About orphan designation
To be granted orphan designation in the EU, the new medicine must be for the treatment of a life-threatening or chronically debilitating condition that affects no more than five in 10,000 people in the EU and for which no satisfactory treatments exist or, where they do exist, the new medicine will be of significant benefit to those affected by that condition. It can also be granted if a new medicine is not expected to make a sufficient return to justify the investment.
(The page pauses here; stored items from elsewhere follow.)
Lemma hardy_C1_on_half (p c : R) (w : R -> R) (phi dphi : R -> C) :
  C1_on_half p phi dphi ->
  (forall t, p <= t -> continuous w t) ->
  (forall t, p <= t -> (t - p) ^ 2 <= c * w t) ->
  forall b, p <= b ->
  RInt (fun r => Cmod (phi r) ^ 2) p b
  <= 2 * ((b - p) * Cmod (phi b) ^ 2)
     + 4 * (c * RInt (fun r => w r * Cmod (dphi r) ^ 2) p b).
Proof.
  intros hphi hw hwc b hb.
  pose proof (ex_RInt_weighted_sqr_derivative p w phi dphi hphi hw p b
                (Rle_refl p) hb) as hexw.
  destruct (C1_on_half_components p phi dphi hphi)
    as (X & DX & Y & DY & hX & hY & hDX & hDY & heq).
  assert (hcX : forall t, continuous X t)
    by (intros t; apply (ex_derive_continuous X); now exists (DX t)).
  assert (hcY : forall t, continuous Y t)
    by (intros t; apply (ex_derive_continuous Y); now exists (DY t)).
  assert (hex : forall f : R -> R, (forall t, continuous f t) -> ex_RInt f p b)
    by (intros f hf; now apply (@ex_RInt_continuous R_CompleteNormedModule)).
  pose proof (hardy_interval p b X DX hb (fun t _ => hX t) (fun t _ => hDX t)) as hardyX.
  pose proof (hardy_interval p b Y DY hb (fun t _ => hY t) (fun t _ => hDY t)) as hardyY.
  assert (hweight :
    RInt (fun t => (t - p) ^ 2 * DX t ^ 2) p b + RInt (fun t => (t - p) ^ 2 * DY t ^ 2) p b
    <= c * RInt (fun r => w r * Cmod (dphi r) ^ 2) p b).
  { assert (hexX : ex_RInt (fun t => (t - p) ^ 2 * DX t ^ 2) p b)
      by (apply hex; intros t; solve_continuous; auto).
    assert (hexY : ex_RInt (fun t => (t - p) ^ 2 * DY t ^ 2) p b)
      by (apply hex; intros t; solve_continuous; auto).
    replace (c * RInt (fun r => w r * Cmod (dphi r) ^ 2) p b)
      with (RInt (fun r => c * (w r * Cmod (dphi r) ^ 2)) p b)
      by exact (RInt_scal _ p b c hexw).
    replace (RInt (fun t => (t - p) ^ 2 * DX t ^ 2) p b
             + RInt (fun t => (t - p) ^ 2 * DY t ^ 2) p b)
      with (RInt (fun t => (t - p) ^ 2 * DX t ^ 2 + (t - p) ^ 2 * DY t ^ 2) p b)
      by exact (RInt_plus _ _ p b hexX hexY).
    apply RInt_le; [exact hb | now apply (ex_RInt_plus (V := R_NormedModule)) | |].
    - apply (ex_RInt_scal (V := R_NormedModule)), hexw.
    - intros t ht. rewrite (proj2 (heq t ltac:(lra))).
      assert (0 <= DX t ^ 2 + DY t ^ 2) by nra.
      specialize (hwc t ltac:(lra)). nra. }
  rewrite (RInt_ext _ (fun r => X r ^ 2 + Y r ^ 2)).
  2: { intros r hr. rewrite Rmin_left, Rmax_right in hr by exact hb.
       apply heq. lra. }
  rewrite (RInt_plus (fun r => X r ^ 2) (fun r => Y r ^ 2))
    by (apply hex; intros t; solve_continuous; auto).
  rewrite (proj1 (heq b hb)).
  change (plus (RInt (fun r => X r ^ 2) p b) (RInt (fun r => Y r ^ 2) p b))
    with (RInt (fun r => X r ^ 2) p b + RInt (fun r => Y r ^ 2) p b).
  lra.
Qed.

Section KerrExterior.

Variables M a : R.
Hypothesis hM : 0 < M.
Hypothesis ha : Rabs a < M.

Lemma sqr_a_lt_sqr_M : a ^ 2 < M ^ 2.
Proof. rewrite <- pow2_abs. pose proof (Rabs_pos a). nra. Qed.

Lemma sqrt_discr_pos : 0 < sqrt (M ^ 2 - a ^ 2).
Proof. apply sqrt_lt_R0. pose proof sqr_a_lt_sqr_M. lra. Qed.

Lemma rplus_pos : 0 < rplus M a.
Proof. unfold rplus. pose proof sqrt_discr_pos. lra. Qed.

Lemma horizon_distance_le_mu (r : R) : rplus M a <= r ->
  sqrt (M ^ 2 - a ^ 2) * (r - rplus M a) <= rplus M a * (mu M a r * r).
Proof.
  intros hr. unfold mu, Defs.Delta, rplus in *.
  pose proof sqrt_discr_pos as hs.
  assert (hs2 : sqrt (M ^ 2 - a ^ 2) * sqrt (M ^ 2 - a ^ 2) = M ^ 2 - a ^ 2)
    by (apply sqrt_sqrt; pose proof sqr_a_lt_sqr_M; lra).
  set (s := sqrt (M ^ 2 - a ^ 2)) in *.
  assert (hden : 0 < r ^ 2 + a ^ 2) by nra.
  (* [Delta = (r - r_+) (r - r_-)] and [r_+ r_- = a^2] reduce the claim to
     [(r - r_+) (M r^2 - a^2 r - s a^2) >= 0]. *)
  assert (hbracket : 0 <= M * r ^ 2 - a ^ 2 * r - s * a ^ 2).
  { assert (hMr : M * r - a ^ 2 >= s * (M + s)) by nra.
    assert (r * (M * r - a ^ 2) >= (M + s) * (s * (M + s))) by nra.
    nra. }
  apply Rmult_le_reg_r with (r ^ 2 + a ^ 2); [exact hden|].
  replace ((M + s) * ((r ^ 2 - 2 * M * r + a ^ 2) / (r ^ 2 + a ^ 2) * r) * (r ^ 2 + a ^ 2))
    with ((M + s) * ((r ^ 2 - 2 * M * r + a ^ 2) * r)) by (field; lra).
  assert (hfactor : (M + s) * ((r ^ 2 - 2 * M * r + a ^ 2) * r)
                    - s * (r - (M + s)) * (r ^ 2 + a ^ 2)
                    = (r - (M + s)) * (M * r ^ 2 - a ^ 2 * r - s * a ^ 2)).
  { replace (a ^ 2) with (M ^ 2 - s * s) by lra. ring. }
  assert (0 <= (r - (M + s)) * (M * r ^ 2 - a ^ 2 * r - s * a ^ 2))
    by (apply Rmult_le_pos; lra).
  lra.
Qed.

Lemma sqr_horizon_distance_le (r : R) : rplus M a <= r ->
  (r - rplus M a) ^ 2
  <= (rplus M a / sqrt (M ^ 2 - a ^ 2)) ^ 2 * (mu M a r ^ 2 * r ^ 2).
Proof.
  intros hr. pose proof sqrt_discr_pos as hs.
  pose proof (horizon_distance_le_mu r hr) as hle.
  replace ((r - rplus M a) ^ 2)
    with ((sqrt (M ^ 2 - a ^ 2) * (r - rplus M a)) ^ 2 / sqrt (M ^ 2 - a ^ 2) ^ 2)
    by (field; lra).
  replace ((rplus M a / sqrt (M ^ 2 - a ^ 2)) ^ 2 * (mu M a r ^ 2 * r ^ 2))
    with ((rplus M a * (mu M a r * r)) ^ 2 / sqrt (M ^ 2 - a ^ 2) ^ 2)
    by (field; lra).
  apply Rmult_le_compat_r.
  - apply Rlt_le, Rinv_0_lt_compat. nra.
  - apply pow_incr. nra.
Qed.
A confirmed designation as an orphan medicinal product within EU may confer benefits to the product, including a 10-year period of market exclusivity from similar products following marketing authorisation.
About Haemophilia B
Haemophilia B is caused by having substantially reduced or no factor IX activity, which is needed for normal blood clotting. The World Federation of Hemophilia estimates that approximately 28,000 people are currently diagnosed with haemophilia B worldwide.
People with haemophilia B may experience bleeding episodes in joints and muscles that cause pain, decreased mobility and irreversible joint damage. In the worst cases, these bleeding episodes can cause organ bleeds and life-threatening haemorrhages. Infusions of factor IX temporarily replace clotting factors necessary to resolve bleeding and, when used prophylactically, to prevent new bleeding episodes.1
Alprolix® (eftrenonacog alfa) is a recombinant clotting factor therapy developed for haemophilia B by fusing factor IX to the Fc portion of immunoglobulin G subclass 1, or IgG1 (a protein commonly found in the body). This enables Alprolix to use a naturally occurring pathway to prolong the time the therapy remains in the body. While Fc fusion has been used for more than 15 years, Sobi and Biogen are the first companies to utilise it in the treatment of haemophilia.
Alprolix is currently approved for the treatment of haemophilia B in the U.S., Canada, Japan, Australia and New Zealand, where it was the first haemophilia B therapy approved to provide prolonged protection from bleeds. As with any infused protein, allergic type hypersensitivity reactions and development of inhibitors may occur following administration of Alprolix.
Sobi and Biogen are collaboration partners in the development and commercialisation of Alprolix for haemophilia B. Sobi has final development and commercialisation rights in the Sobi territory, essentially Europe, North Africa, Russia and most Middle Eastern markets. Biogen leads development and manufacturing for Alprolix and has commercialisation rights in North America and all other regions in the world excluding the Sobi territory.
Sobi(TM) is an international speciality healthcare company dedicated to rare diseases. Our mission is to develop and deliver innovative therapies and services to improve the lives of patients. The product portfolio is primary focused on Haemophilia, Inflammation and Genetic diseases. We also market a portfolio of speciality and rare disease products for partner companies across Europe, the Middle East, North Africa and Russia. Sobi is a pioneer in biotechnology with world-class capabilities in protein biochemistry and biologics manufacturing. In 2015, Sobi had total revenues of SEK 3.2 billion (USD 385 M) and approximately 700 employees. The share (STO:SOBI) is listed on NASDAQ OMX Stockholm. More information is available at www.sobi.com.
 World Federation of Hemophilia. About Bleeding Disorders - Frequently Asked Questions. Available at: http://www.wfh.org/en/page.aspx?pid=637#Difference_A_B. Accessed on: February 11, 2016
 World Federation of Hemophilia. Report on the Annual Global Survey 2013. Available at: http://www1.wfh.org/publications/files/pdf-1591.pdf. Accessed on: February 11, 2016.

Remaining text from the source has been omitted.